# WORK ORDER
Pull out each line of the records holding the string "Lemma".

.....

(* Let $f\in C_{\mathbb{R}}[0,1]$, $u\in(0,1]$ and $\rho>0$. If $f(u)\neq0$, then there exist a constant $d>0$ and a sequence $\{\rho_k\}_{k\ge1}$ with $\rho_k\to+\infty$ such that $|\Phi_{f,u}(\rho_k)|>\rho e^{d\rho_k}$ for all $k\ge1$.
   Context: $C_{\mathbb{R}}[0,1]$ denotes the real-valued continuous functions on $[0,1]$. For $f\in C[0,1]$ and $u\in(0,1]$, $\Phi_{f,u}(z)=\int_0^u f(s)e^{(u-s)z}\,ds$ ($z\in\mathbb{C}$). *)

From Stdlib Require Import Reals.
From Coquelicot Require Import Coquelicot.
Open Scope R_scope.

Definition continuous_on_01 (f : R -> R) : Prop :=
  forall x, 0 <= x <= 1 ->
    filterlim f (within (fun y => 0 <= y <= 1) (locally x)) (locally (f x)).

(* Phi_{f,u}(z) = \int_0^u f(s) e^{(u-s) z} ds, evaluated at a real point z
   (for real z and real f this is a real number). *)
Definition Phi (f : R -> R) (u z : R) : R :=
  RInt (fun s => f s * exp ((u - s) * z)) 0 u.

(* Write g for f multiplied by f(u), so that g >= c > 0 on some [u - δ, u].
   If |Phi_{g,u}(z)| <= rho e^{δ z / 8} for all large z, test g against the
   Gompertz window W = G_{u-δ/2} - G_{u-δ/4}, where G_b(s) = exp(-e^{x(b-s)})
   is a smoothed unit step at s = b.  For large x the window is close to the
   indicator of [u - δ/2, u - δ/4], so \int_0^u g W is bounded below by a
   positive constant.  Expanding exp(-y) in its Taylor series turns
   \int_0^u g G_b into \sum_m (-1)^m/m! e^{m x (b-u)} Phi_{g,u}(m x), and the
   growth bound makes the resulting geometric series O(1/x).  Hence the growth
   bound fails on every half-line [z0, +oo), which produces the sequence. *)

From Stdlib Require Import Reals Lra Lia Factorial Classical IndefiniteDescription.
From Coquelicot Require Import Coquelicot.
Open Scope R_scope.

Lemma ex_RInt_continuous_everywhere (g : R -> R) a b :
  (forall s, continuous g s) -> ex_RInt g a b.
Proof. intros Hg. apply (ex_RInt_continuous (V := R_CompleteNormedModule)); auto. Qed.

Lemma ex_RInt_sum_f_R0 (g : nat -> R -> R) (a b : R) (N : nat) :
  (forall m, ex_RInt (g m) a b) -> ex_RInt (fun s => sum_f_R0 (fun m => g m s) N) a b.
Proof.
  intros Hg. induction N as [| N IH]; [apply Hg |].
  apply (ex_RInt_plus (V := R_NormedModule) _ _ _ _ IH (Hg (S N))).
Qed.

.....

# SOLUTION
Lemma ex_RInt_continuous_everywhere (g : R -> R) a b :
Lemma ex_RInt_sum_f_R0 (g : nat -> R -> R) (a b : R) (N : nat) :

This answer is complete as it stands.